• _What is required_:
Each line in the records below, from the one that contains "by rewrite (leq_trans" to the one that contains "have hcolX j : perm_eq (col F j) (col X j).", should be reproduced exactly, the first and last included.

---------- Extracted material ----------

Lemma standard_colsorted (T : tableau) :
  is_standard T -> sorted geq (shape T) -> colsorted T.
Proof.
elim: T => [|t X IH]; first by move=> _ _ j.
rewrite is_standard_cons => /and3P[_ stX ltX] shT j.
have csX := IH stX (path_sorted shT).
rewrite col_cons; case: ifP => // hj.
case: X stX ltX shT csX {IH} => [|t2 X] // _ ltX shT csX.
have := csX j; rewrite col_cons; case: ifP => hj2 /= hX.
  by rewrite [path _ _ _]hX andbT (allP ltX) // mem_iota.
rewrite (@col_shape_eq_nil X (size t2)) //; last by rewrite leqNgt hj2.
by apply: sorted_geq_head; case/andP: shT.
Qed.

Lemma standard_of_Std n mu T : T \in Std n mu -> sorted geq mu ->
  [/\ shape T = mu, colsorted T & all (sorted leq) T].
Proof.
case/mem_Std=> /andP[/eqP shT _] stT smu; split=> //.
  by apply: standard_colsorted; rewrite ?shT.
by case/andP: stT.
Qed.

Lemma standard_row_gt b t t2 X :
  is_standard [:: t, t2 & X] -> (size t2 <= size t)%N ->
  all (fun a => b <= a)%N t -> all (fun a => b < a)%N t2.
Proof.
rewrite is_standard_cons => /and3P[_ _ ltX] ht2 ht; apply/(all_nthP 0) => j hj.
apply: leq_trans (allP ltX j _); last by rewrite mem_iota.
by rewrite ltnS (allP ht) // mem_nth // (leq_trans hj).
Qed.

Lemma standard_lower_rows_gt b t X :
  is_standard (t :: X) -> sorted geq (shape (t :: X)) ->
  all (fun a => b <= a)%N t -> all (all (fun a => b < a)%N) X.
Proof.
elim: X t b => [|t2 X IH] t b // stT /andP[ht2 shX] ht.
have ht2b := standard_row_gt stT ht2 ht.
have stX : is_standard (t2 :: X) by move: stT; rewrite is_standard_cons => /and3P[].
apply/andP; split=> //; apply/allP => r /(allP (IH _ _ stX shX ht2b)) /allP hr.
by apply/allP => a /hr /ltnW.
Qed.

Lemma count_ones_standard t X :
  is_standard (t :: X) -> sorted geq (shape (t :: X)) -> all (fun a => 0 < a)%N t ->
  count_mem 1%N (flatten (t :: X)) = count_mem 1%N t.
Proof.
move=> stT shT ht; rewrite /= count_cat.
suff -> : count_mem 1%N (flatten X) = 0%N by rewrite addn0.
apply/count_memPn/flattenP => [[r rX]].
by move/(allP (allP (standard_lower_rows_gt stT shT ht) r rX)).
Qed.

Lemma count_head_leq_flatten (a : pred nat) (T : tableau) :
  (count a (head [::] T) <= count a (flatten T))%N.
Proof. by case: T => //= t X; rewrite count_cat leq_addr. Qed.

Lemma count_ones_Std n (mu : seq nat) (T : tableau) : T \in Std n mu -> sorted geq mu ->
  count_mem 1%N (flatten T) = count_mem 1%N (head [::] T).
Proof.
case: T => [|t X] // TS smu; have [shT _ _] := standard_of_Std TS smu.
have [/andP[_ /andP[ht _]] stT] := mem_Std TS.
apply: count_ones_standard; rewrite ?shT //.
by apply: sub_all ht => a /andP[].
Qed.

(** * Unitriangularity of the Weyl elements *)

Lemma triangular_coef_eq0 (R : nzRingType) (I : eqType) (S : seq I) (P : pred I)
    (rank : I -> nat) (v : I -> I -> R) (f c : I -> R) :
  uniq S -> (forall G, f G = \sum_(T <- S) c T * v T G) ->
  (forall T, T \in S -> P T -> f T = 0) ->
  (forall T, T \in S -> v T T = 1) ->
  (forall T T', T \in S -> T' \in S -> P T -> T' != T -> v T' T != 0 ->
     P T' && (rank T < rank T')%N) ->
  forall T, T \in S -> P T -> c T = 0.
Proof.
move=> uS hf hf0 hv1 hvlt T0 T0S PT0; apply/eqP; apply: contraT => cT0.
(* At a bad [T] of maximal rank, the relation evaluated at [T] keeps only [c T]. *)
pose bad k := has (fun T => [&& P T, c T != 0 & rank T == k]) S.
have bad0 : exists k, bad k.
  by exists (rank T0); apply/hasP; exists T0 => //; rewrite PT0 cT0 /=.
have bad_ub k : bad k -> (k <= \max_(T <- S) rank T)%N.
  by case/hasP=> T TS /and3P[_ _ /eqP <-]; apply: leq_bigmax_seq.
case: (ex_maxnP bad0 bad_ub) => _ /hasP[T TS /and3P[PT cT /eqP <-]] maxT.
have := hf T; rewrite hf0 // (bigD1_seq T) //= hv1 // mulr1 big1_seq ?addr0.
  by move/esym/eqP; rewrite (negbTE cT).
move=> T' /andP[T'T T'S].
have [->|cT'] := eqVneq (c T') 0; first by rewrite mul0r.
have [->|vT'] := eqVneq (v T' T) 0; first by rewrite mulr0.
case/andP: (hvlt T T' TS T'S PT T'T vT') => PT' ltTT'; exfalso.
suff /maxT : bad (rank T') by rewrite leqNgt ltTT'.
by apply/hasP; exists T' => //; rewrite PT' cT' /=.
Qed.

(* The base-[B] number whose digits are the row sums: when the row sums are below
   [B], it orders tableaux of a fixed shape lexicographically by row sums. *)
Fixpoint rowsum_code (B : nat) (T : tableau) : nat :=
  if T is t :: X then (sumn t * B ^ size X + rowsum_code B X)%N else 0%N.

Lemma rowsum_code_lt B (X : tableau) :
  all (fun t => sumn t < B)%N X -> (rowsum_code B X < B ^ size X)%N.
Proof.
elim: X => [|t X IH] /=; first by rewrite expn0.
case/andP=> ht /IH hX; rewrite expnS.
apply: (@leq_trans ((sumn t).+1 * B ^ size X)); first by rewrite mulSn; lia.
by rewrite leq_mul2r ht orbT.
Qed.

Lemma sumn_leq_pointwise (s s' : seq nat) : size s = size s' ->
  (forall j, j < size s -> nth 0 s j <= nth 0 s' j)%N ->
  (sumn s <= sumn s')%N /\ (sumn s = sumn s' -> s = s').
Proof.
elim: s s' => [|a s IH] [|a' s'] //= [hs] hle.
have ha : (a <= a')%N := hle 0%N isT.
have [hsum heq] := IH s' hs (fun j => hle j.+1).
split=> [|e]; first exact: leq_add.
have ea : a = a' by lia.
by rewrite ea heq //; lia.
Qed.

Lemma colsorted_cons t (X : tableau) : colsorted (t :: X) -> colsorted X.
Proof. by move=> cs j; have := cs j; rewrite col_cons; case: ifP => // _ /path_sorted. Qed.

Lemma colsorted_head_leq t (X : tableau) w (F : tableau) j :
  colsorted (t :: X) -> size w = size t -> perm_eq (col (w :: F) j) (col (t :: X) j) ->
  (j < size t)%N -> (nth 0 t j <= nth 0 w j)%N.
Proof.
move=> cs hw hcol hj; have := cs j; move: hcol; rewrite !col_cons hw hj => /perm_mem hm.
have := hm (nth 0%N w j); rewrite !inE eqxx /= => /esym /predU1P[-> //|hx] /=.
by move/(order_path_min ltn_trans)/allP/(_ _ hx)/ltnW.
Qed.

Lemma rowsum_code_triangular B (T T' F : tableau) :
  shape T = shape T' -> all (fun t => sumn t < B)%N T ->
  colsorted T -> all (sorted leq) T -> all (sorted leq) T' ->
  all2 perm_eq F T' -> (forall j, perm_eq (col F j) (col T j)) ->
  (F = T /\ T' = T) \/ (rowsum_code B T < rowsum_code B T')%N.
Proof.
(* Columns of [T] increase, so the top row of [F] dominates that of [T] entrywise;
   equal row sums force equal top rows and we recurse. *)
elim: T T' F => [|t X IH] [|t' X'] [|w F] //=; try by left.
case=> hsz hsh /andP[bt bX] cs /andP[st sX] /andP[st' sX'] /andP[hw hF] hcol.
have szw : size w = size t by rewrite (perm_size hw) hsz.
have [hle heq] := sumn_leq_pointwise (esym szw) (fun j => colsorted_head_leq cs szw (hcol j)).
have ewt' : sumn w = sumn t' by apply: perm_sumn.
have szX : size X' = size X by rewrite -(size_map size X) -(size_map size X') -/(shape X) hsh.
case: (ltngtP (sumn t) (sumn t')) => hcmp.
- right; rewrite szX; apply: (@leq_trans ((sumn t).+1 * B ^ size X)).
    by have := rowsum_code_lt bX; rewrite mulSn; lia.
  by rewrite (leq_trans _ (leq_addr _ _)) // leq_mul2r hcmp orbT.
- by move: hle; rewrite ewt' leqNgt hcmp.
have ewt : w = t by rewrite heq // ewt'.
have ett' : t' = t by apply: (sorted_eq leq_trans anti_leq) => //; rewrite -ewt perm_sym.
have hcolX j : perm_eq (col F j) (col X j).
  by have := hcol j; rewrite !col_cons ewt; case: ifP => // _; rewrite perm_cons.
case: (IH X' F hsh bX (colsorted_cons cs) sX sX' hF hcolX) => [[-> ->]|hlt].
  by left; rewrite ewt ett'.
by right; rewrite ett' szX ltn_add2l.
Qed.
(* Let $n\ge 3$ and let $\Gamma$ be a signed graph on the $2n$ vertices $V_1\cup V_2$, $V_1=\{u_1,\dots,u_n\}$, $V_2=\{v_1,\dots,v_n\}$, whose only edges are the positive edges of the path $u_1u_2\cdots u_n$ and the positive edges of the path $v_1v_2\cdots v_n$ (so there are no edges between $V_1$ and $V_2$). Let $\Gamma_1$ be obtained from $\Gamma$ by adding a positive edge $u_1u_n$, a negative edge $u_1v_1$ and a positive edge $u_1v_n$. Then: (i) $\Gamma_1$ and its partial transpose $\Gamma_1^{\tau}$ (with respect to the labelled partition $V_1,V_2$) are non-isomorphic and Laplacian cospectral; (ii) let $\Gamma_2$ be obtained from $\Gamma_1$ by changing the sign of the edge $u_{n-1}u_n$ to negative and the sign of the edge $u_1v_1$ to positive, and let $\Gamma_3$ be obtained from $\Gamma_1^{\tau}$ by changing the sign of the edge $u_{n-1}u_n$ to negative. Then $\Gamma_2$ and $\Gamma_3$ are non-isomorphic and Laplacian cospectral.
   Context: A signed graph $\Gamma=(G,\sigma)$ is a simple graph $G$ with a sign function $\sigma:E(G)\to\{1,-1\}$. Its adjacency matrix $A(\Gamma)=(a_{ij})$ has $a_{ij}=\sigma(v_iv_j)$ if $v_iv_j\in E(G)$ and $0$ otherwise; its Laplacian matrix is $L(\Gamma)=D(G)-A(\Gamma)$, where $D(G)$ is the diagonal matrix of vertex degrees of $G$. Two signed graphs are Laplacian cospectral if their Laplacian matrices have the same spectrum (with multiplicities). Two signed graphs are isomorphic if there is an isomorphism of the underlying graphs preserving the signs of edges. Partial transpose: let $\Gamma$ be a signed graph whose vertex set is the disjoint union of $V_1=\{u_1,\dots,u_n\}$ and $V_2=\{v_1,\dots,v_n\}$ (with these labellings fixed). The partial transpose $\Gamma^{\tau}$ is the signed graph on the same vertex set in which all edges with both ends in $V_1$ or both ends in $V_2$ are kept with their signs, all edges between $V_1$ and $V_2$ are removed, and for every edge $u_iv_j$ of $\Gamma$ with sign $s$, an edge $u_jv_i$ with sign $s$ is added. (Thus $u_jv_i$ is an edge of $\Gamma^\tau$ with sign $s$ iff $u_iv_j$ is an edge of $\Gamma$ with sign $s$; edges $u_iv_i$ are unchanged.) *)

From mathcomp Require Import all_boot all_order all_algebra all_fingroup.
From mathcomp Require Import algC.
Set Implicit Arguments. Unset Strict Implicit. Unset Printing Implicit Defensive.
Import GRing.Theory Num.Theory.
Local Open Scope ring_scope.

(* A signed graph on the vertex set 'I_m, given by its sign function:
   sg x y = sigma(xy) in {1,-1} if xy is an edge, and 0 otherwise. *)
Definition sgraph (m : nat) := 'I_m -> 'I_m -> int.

----------

• _Written solution_:
  by rewrite (leq_trans _ (leq_addr _ _)) // leq_mul2r hcmp orbT.
- by move: hle; rewrite ewt' leqNgt hcmp.
have ewt : w = t by rewrite heq // ewt'.
have ett' : t' = t by apply: (sorted_eq leq_trans anti_leq) => //; rewrite -ewt perm_sym.
have hcolX j : perm_eq (col F j) (col X j).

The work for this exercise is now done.